Most poignantly for those dragging heavily laden sledges, “lead poisoning has a mean way of penalizing the extremity most used in muscular effort.”
The unexpected discovery of elevated bone lead levels begged another question: What could have been the source? Suspicion immediately fell on the relatively new technology of preserving foods in tin containers, as used by the Franklin expedition. Nearly 8,000 lead-soldered tins containing 33,289 pounds (15,113 kg) of preserved meat were supplied to the expedition, as well as the tinned equivalent of 2,560 gallons (11,638 litres) of soup, 1,200 pounds (545 kg) of tinned pemmican and 8,900 pounds (4,040 kg) of tinned preserved vegetables. (Even today, the seams and seals of some tins are known to be a significant source of lead contamination in some developing countries, so this certainly could have been a problem.) But ignorance of its ill effects remained commonplace.

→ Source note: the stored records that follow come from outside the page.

(* Let $S\subseteq\mathbb{N}^k$. If $S$ is denoted by some resimple expression, then $S$ is a recognizable subset of $\mathbb{N}^k$.
   Context: $\mathbb{N}$ includes $0$; $\mathbf{e}_j$ is the $j$-th unit vector of $\mathbb{N}^k$. For finite $B\subseteq\mathbb{N}^k$, $B^\oplus$ is the set of $\mathbb{N}$-linear combinations of elements of $B$, and $\gamma+B^\oplus=\{\gamma+\sigma:\sigma\in B^\oplus\}$. $B$ is a free basis if every element of $B^\oplus$ has a unique representation as an $\mathbb{N}$-linear combination of elements of $B$. An element is primary if it equals $n\mathbf{e}_j$ with $n>0$. An atomic resimple expression is $\gamma+B^\oplus$ with $\gamma\in\mathbb{N}^k$ and $B$ a free basis all of whose elements are primary. Resimple expressions are built inductively: atomic resimple expressions are resimple, and if $E,F$ are resimple then so are $E\cup F$, $E\cap F$ and $E^c$ (complement in $\mathbb{N}^k$), with the obvious set semantics. With $A=\{a_1,\dots,a_k\}$ and $\varphi:A^*\to\mathbb{N}^k$, $\varphi(w)=(|w|_{a_1},\dots,|w|_{a_k})$ ($|w|_a$ = number of occurrences of $a$ in $w$), a set $S\subseteq\mathbb{N}^k$ is recognizable if $\varphi^{-1}(S)$ is a regular language. *)

From mathcomp Require Import all_boot.
Set Implicit Arguments. Unset Strict Implicit. Unset Printing Implicit Defensive.

Definition vec (k : nat) := {ffun 'I_k -> nat}.

Definition unitv k (j : 'I_k) : vec k := [ffun i => if i == j then 1 else 0].

Definition scalev k (n : nat) (v : vec k) : vec k := [ffun i => n * v i].

(* A finite subset B of N^k is represented by a duplicate-free list.
   N-linear combination of the elements of B with coefficients c. *)
Definition lincomb k (B : seq (vec k)) (c : vec k -> nat) : vec k :=
  [ffun i => \sum_(b <- B) c b * b i].

Definition span k (B : seq (vec k)) (x : vec k) : Prop :=
  exists c : vec k -> nat, x = lincomb B c.

Definition lin_set k (g : vec k) (B : seq (vec k)) (x : vec k) : Prop :=
  exists2 s, span B s & x = [ffun i => g i + s i].

Definition free_basis k (B : seq (vec k)) : Prop :=
  uniq B /\
  forall c c' : vec k -> nat, lincomb B c = lincomb B c' ->
    forall b, b \in B -> c b = c' b.

Definition primary k (v : vec k) : Prop :=
  exists (n : nat) (j : 'I_k), 0 < n /\ v = scalev n (unitv j).

Inductive rexp (k : nat) : Type :=
| RAtom of vec k & seq (vec k)
| RUnion of rexp k & rexp k
| RInter of rexp k & rexp k
| RCompl of rexp k.

Fixpoint denote k (e : rexp k) : vec k -> Prop :=
  match e with
  | RAtom g B => lin_set g B
  | RUnion e1 e2 => fun x => denote e1 x \/ denote e2 x
  | RInter e1 e2 => fun x => denote e1 x /\ denote e2 x
  | RCompl e1 => fun x => ~ denote e1 x
  end.

Fixpoint resimple k (e : rexp k) : Prop :=
  match e with
  | RAtom g B => free_basis B /\ (forall b, b \in B -> primary b)
  | RUnion e1 e2 => resimple e1 /\ resimple e2
  | RInter e1 e2 => resimple e1 /\ resimple e2
  | RCompl e1 => resimple e1
  end.

(* Alphabet A = {a_1,...,a_k} is 'I_k; phi = Parikh map *)
Definition parikh k (w : seq 'I_k) : vec k := [ffun i => count_mem i w].

Definition regular k (L : seq 'I_k -> Prop) : Prop :=
  exists (Q : finType) (q0 : Q) (delta : Q -> 'I_k -> Q) (F : pred Q),
    forall w, F (foldl delta q0 w) <-> L w.

Definition recognizable k (S : vec k -> Prop) : Prop :=
  regular (fun w : seq 'I_k => S (parikh w)).

(* A resimple set is saturated by the congruence on N^k that compares every
   coordinate up to a threshold T and modulo a period p: for an atom this
   holds because a free basis of primary vectors has at most one element
   supported on each axis, so the atom is a product of one-dimensional
   arithmetic progressions g_i + N_i N; saturation survives Boolean
   operations after refining T and p.  A saturated set is recognized by the
   finite automaton that tracks, for each letter, its number of occurrences
   capped at T together with its residue modulo p. *)
From mathcomp Require Import all_boot zify.
From Stdlib Require Import ClassicalEpsilon.
Set Implicit Arguments. Unset Strict Implicit.

Lemma parikh_rcons k (w : seq 'I_k) a j :
  parikh (rcons w a) j = parikh w j + (j == a).
Proof. by rewrite !ffunE -cats1 count_cat /= addn0 eq_sym. Qed.

Section ParikhSignature.
Variables (k : nat) (S : vec k -> Prop) (Q : finType).
Variables (sig : vec k -> Q) (step : Q -> 'I_k -> Q).
Hypothesis sig_rcons : forall w a, sig (parikh (rcons w a)) = step (sig (parikh w)) a.
Hypothesis S_sig : forall x y, sig x = sig y -> S x -> S y.

Lemma foldl_step_sig u w : foldl step (sig (parikh u)) w = sig (parikh (u ++ w)).
Proof.
elim: w u => [|a w IHw] u /=; first by rewrite cats0.
by rewrite -sig_rcons IHw cat_rcons.
Qed.

Lemma recognizable_parikh_signature : recognizable S.
Proof.
pose accept q := if excluded_middle_informative (exists w, sig (parikh w) = q /\ S (parikh w))
                 then true else false.
exists Q, (sig (parikh [::])), step, accept => w.
rewrite foldl_step_sig /accept.
case: excluded_middle_informative => [[w' [sig_w' Sw']]|no_w]; split => // Sw.
- exact: S_sig sig_w' Sw'.
- by case: no_w; exists w.
Qed.

End ParikhSignature.

Definition capmod_equiv k T p (x y : vec k) :=
  forall j, minn (x j) T = minn (y j) T /\ x j = y j %[mod p].

Definition capmod_invariant k T p (S : vec k -> Prop) :=
  forall x y, capmod_equiv T p x y -> S x -> S y.

Definition ultimately_periodic k (S : vec k -> Prop) :=
  exists T p, 0 < p /\ capmod_invariant T p S.

Lemma capmod_equiv_sym k T p (x y : vec k) : capmod_equiv T p x y -> capmod_equiv T p y x.
Proof. by move=> xy j; have [] := xy j. Qed.

Lemma capmod_invariant_refine k T p T' p' (S : vec k -> Prop) :
  T <= T' -> p %| p' -> capmod_invariant T p S -> capmod_invariant T' p' S.
Proof.
move=> le_TT' dvd_pp' S_inv x y xy; apply: S_inv => j.
have [eq_min eq_mod] := xy j; split; first lia.
by rewrite -(modn_dvdm (x j) dvd_pp') eq_mod modn_dvdm.
Qed.

Section ThresholdModSignature.
Variables (k T p : nat).
Hypothesis p_gt0 : 0 < p.

Definition cap_ord (n : nat) : 'I_T.+1 := @Ordinal T.+1 (minn n T) (geq_minr n T).
Definition mod_ord (n : nat) : 'I_p := Ordinal (ltn_pmod n p_gt0).

Definition capmod_sig (x : vec k) : {ffun 'I_k -> 'I_T.+1 * 'I_p} :=
  [ffun j => (cap_ord (x j), mod_ord (x j))].

Definition capmod_step (q : {ffun 'I_k -> 'I_T.+1 * 'I_p}) (a : 'I_k) :=
  [ffun j => if j == a then (cap_ord (q j).1.+1, mod_ord (q j).2.+1) else q j].

Lemma capmod_sig_rcons w a :
  capmod_sig (parikh (rcons w a)) = capmod_step (capmod_sig (parikh w)) a.
Proof.
apply/ffunP => j; rewrite [LHS]ffunE parikh_rcons !ffunE.
case: eqP => _; last by rewrite addn0.
by congr (_, _); apply: val_inj => /=; [lia | rewrite -[(_ %% p).+1]addn1 modnDml].
Qed.

Lemma capmod_sig_eq x y : capmod_sig x = capmod_sig y -> capmod_equiv T p x y.
Proof.
by move=> /ffunP sig_xy j; move: (sig_xy j); rewrite !ffunE; case.
Qed.

Lemma recognizable_capmod_invariant (S : vec k -> Prop) :
  capmod_invariant T p S -> recognizable S.
Proof.
move=> S_inv; apply: (recognizable_parikh_signature capmod_sig_rcons) => x y /capmod_sig_eq.
exact: S_inv.
Qed.

End ThresholdModSignature.

Lemma recognizable_ultimately_periodic k (S : vec k -> Prop) :
  ultimately_periodic S -> recognizable S.
Proof. by case=> T [p [p_gt0 S_inv]]; apply: recognizable_capmod_invariant S_inv. Qed.

Lemma ultimately_periodic_common k (S1 S2 : vec k -> Prop) :
  ultimately_periodic S1 -> ultimately_periodic S2 ->
  exists T p, [/\ 0 < p, capmod_invariant T p S1 & capmod_invariant T p S2].
Proof.
move=> [T1 [p1 [p1_gt0 S1_inv]]] [T2 [p2 [p2_gt0 S2_inv]]].
exists (maxn T1 T2), (p1 * p2); split; first by rewrite muln_gt0 p1_gt0.
- exact: capmod_invariant_refine (leq_maxl _ _) (dvdn_mulr _ (dvdnn _)) S1_inv.
- exact: capmod_invariant_refine (leq_maxr _ _) (dvdn_mull _ (dvdnn _)) S2_inv.
Qed.

Lemma ultimately_periodicU k (S1 S2 : vec k -> Prop) :
  ultimately_periodic S1 -> ultimately_periodic S2 ->
  ultimately_periodic (fun x => S1 x \/ S2 x).
Proof.
move=> /ultimately_periodic_common P1 /P1 [T [p [p_gt0 S1_inv S2_inv]]].
exists T, p; split => // x y xy [/(S1_inv _ _ xy) | /(S2_inv _ _ xy)]; by [left | right].
Qed.

Lemma ultimately_periodicI k (S1 S2 : vec k -> Prop) :
  ultimately_periodic S1 -> ultimately_periodic S2 ->
  ultimately_periodic (fun x => S1 x /\ S2 x).
Proof.
move=> /ultimately_periodic_common P1 /P1 [T [p [p_gt0 S1_inv S2_inv]]].
by exists T, p; split => // x y xy [/(S1_inv _ _ xy) ? /(S2_inv _ _ xy)].
Qed.

Lemma ultimately_periodicC k (S : vec k -> Prop) :
  ultimately_periodic S -> ultimately_periodic (fun x => ~ S x).
Proof.
move=> [T [p [p_gt0 S_inv]]]; exists T, p; split => // x y xy nSx Sy.
exact/nSx/(S_inv _ _ (capmod_equiv_sym xy)).
Qed.

Lemma progressionP (g N n : nat) :
  (exists m, n = g + m * N) <-> g <= n /\ n = g %[mod N].
Proof.
split=> [[m ->] | [le_gn eq_mod]]; first by rewrite leq_addr addnC modnMDl.
have /dvdnP [m dvd_N] : N %| n - g by rewrite -eqn_mod_dvd // eq_mod.
by exists m; rewrite -dvd_N subnKC.
Qed.

Lemma progression_capmod_invariant (g N T p x y : nat) :
  g < T -> (0 < N -> N %| p) -> minn x T = minn y T -> x = y %[mod p] ->
  (exists m, x = g + m * N) -> exists m, y = g + m * N.
Proof.
move=> lt_gT dvd_Np eq_min eq_mod /progressionP [le_gx x_mod]; apply/progressionP.
split; first by clear -lt_gT eq_min le_gx; lia.
case: (posnP N) => [N0 | /dvd_Np dvd_Np'].
  by move: x_mod; rewrite N0 !modn0 => x_g; clear -lt_gT eq_min x_g; lia.
by rewrite -(modn_dvdm y dvd_Np') -eq_mod modn_dvdm.
Qed.

Lemma primary_support k (b : vec k) i j : primary b -> b i != 0 -> b j != 0 -> i = j.
Proof.
case=> n [l [_ ->]]; rewrite !ffunE.
by case: (i =P l) => [-> | _]; case: (j =P l) => [-> | _]; rewrite ?muln0.
Qed.

Lemma lincomb_delta k (B : seq (vec k)) b0 n : uniq B -> b0 \in B ->
  lincomb B (fun b => if b == b0 then n else 0) = scalev n b0.
Proof.
move=> uB b0B; apply/ffunP => i; rewrite !ffunE (bigD1_seq b0) //= eqxx.
by rewrite big1_seq ?addn0 // => b /andP [/negbTE ->].
Qed.

Section FreePrimaryAtom.
Variables (k : nat) (g : vec k) (B : seq (vec k)).
Hypothesis B_free : free_basis B.
Hypothesis B_primary : forall b, b \in B -> primary b.

(* Without freeness, B could contain both e_i and 2 e_i. *)
Lemma free_primary_support_uniq b1 b2 i :
  b1 \in B -> b2 \in B -> b1 i != 0 -> b2 i != 0 -> b1 = b2.
Proof.
move=> b1B b2B b1i b2i; have [uB coef_uniq] := B_free.
have [n1 [j1 [n1_gt0 def_b1]]] := B_primary b1B.
have [n2 [j2 [n2_gt0 def_b2]]] := B_primary b2B.
have def_j1 : i = j1.
  by apply: primary_support (B_primary b1B) b1i _; rewrite def_b1 !ffunE eqxx; lia.
have def_j2 : i = j2.
  by apply: primary_support (B_primary b2B) b2i _; rewrite def_b2 !ffunE eqxx; lia.
subst j1 j2.
have same_comb : lincomb B (fun b => if b == b1 then n2 else 0)
               = lincomb B (fun b => if b == b2 then n1 else 0).
  rewrite !lincomb_delta // def_b1 def_b2; apply/ffunP => t; rewrite !ffunE; lia.
have := coef_uniq _ _ same_comb b1 b1B; rewrite eqxx.
by case: eqP => // _; lia.
Qed.

Definition axis_weight (i : 'I_k) := \sum_(b <- B) b i.

Definition axis_owner (i : 'I_k) : vec k := head [ffun=> 0] [seq b : vec k <- B | b i != 0].

Lemma axis_owner_spec i : axis_weight i != 0 -> axis_owner i \in B /\ axis_owner i i != 0.
Proof.
rewrite sum_nat_seq_neq0 => /hasP [b bB /= bi].
have : axis_owner i \in [seq b : vec k <- B | b i != 0].
  rewrite /axis_owner; case def_s: filter => [|b' s] /=; last exact: mem_head.
  by move: (mem_filter (fun b : vec k => b i != 0) b B); rewrite def_s bi bB.
by rewrite mem_filter => /andP [].
Qed.

Lemma lincomb_axis c i : lincomb B c i = c (axis_owner i) * axis_weight i.
Proof.
rewrite ffunE /axis_weight big_distrr /=; apply: eq_big_seq => b bB.
have [-> | bi] := eqVneq (b i) 0; first by rewrite !muln0.
have /axis_owner_spec [ownerB owner_i] : axis_weight i != 0.
  by rewrite sum_nat_seq_neq0; apply/hasP; exists b.
by rewrite (free_primary_support_uniq bB ownerB bi owner_i).
Qed.

Lemma lin_setP x : lin_set g B x <-> forall i, exists m, x i = g i + m * axis_weight i.
Proof.
split=> [[s [c ->] ->] i | x_prog].
  by exists (c (axis_owner i)); rewrite ffunE lincomb_axis.
have [m def_x] := fin_all_exists x_prog.
pose c (b : vec k) := if [pick j | b j != 0] is Some j then m j else 0.
exists (lincomb B c); first by exists c.
apply/ffunP => i; rewrite ffunE def_x lincomb_axis; congr (_ + _).
have [-> | /axis_owner_spec [ownerB owner_i]] := eqVneq (axis_weight i) 0.
  by rewrite !muln0.
rewrite /c; case: pickP => [j owner_j | /(_ i)]; last by rewrite owner_i.
by rewrite (primary_support (B_primary ownerB) owner_j owner_i).
Qed.

Lemma ultimately_periodic_lin_set : ultimately_periodic (lin_set g B).
Proof.
exists (\max_i g i).+1, (\prod_i maxn (axis_weight i) 1).
split=> [|x y xy]; first by rewrite prodn_gt0 // => i; rewrite leq_max orbT.
rewrite !lin_setP => x_prog i; have [eq_min eq_mod] := xy i.
apply: progression_capmod_invariant eq_min eq_mod (x_prog i).
  by rewrite ltnS leq_bigmax.
by move=> /maxn_idPl weight_i; rewrite (bigD1 i) //= weight_i dvdn_mulr.
Qed.

End FreePrimaryAtom.

Lemma ultimately_periodic_resimple k (e : rexp k) :
  resimple e -> ultimately_periodic (denote e).
Proof.
elim: e => [g B | e1 IH1 e2 IH2 | e1 IH1 e2 IH2 | e1 IH1] /=.
- by case; apply: ultimately_periodic_lin_set.
- by case=> /IH1 P1 /IH2 P2; apply: ultimately_periodicU.
- by case=> /IH1 P1 /IH2 P2; apply: ultimately_periodicI.
- by move=> /IH1; apply: ultimately_periodicC.
Qed.

Theorem mainTheorem6 (k : nat) (S : vec k -> Prop) :
  (exists e : rexp k, resimple e /\ (forall x, denote e x <-> S x)) ->
  recognizable S.
Proof.
case=> e [e_resimple denote_e]; apply: recognizable_ultimately_periodic.
have [T [p [p_gt0 e_inv]]] := ultimately_periodic_resimple e_resimple.
by exists T, p; split=> // x y xy /denote_e /(e_inv _ _ xy) /denote_e.
Qed.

Just as authorities had failed to understand the link between scurvy and reliance on tinned food, so too they failed to understand the effect of interior-lead-soldered seams on tinned foods, and thus, on those dependent for long periods on such provisions. In addition, lead-glazed pottery and tableware were used by nineteenth-century British Arctic expeditions. The storage and serving of acidic foods and beverages (which can dissolve lead salts)—such as lemon juice, wine, vinegar or pickles—in lead-glazed vessels could have been a major source of lead ingestion during the expedition. Other possible sources of lead on the expedition included tea, chocolate and other foods stored in containers lined with lead foil. In addition, food colouring, tobacco products, pewterware and even lead-wicked candles could have added to the possible contamination. As a result, lead poisoning, compounded by the severe effects of scurvy, could have been lethal for many members of the expedition’s crews during the early months of 1848. Rapidly declining health might well in fact have been the major reason for the decision by Crozier and Fitzjames to desert the ships. As the note discovered by Hobson on King William Island shows, nine officers and fifteen men had already died by 25 April 1848.
This radical new theory, proposed by Beattie, would prompt debate among historians who had, for so long, relied on the theories of nineteenth-century searchers and, later, parliamentary inquiries in Britain as the basis for their investigations. While such sources are invaluable in the reconstruction of events, all the volumes written about the doomed expedition combined were not able to provide the scientific data Beattie had already gained from the scanty physical remains found on King William Island.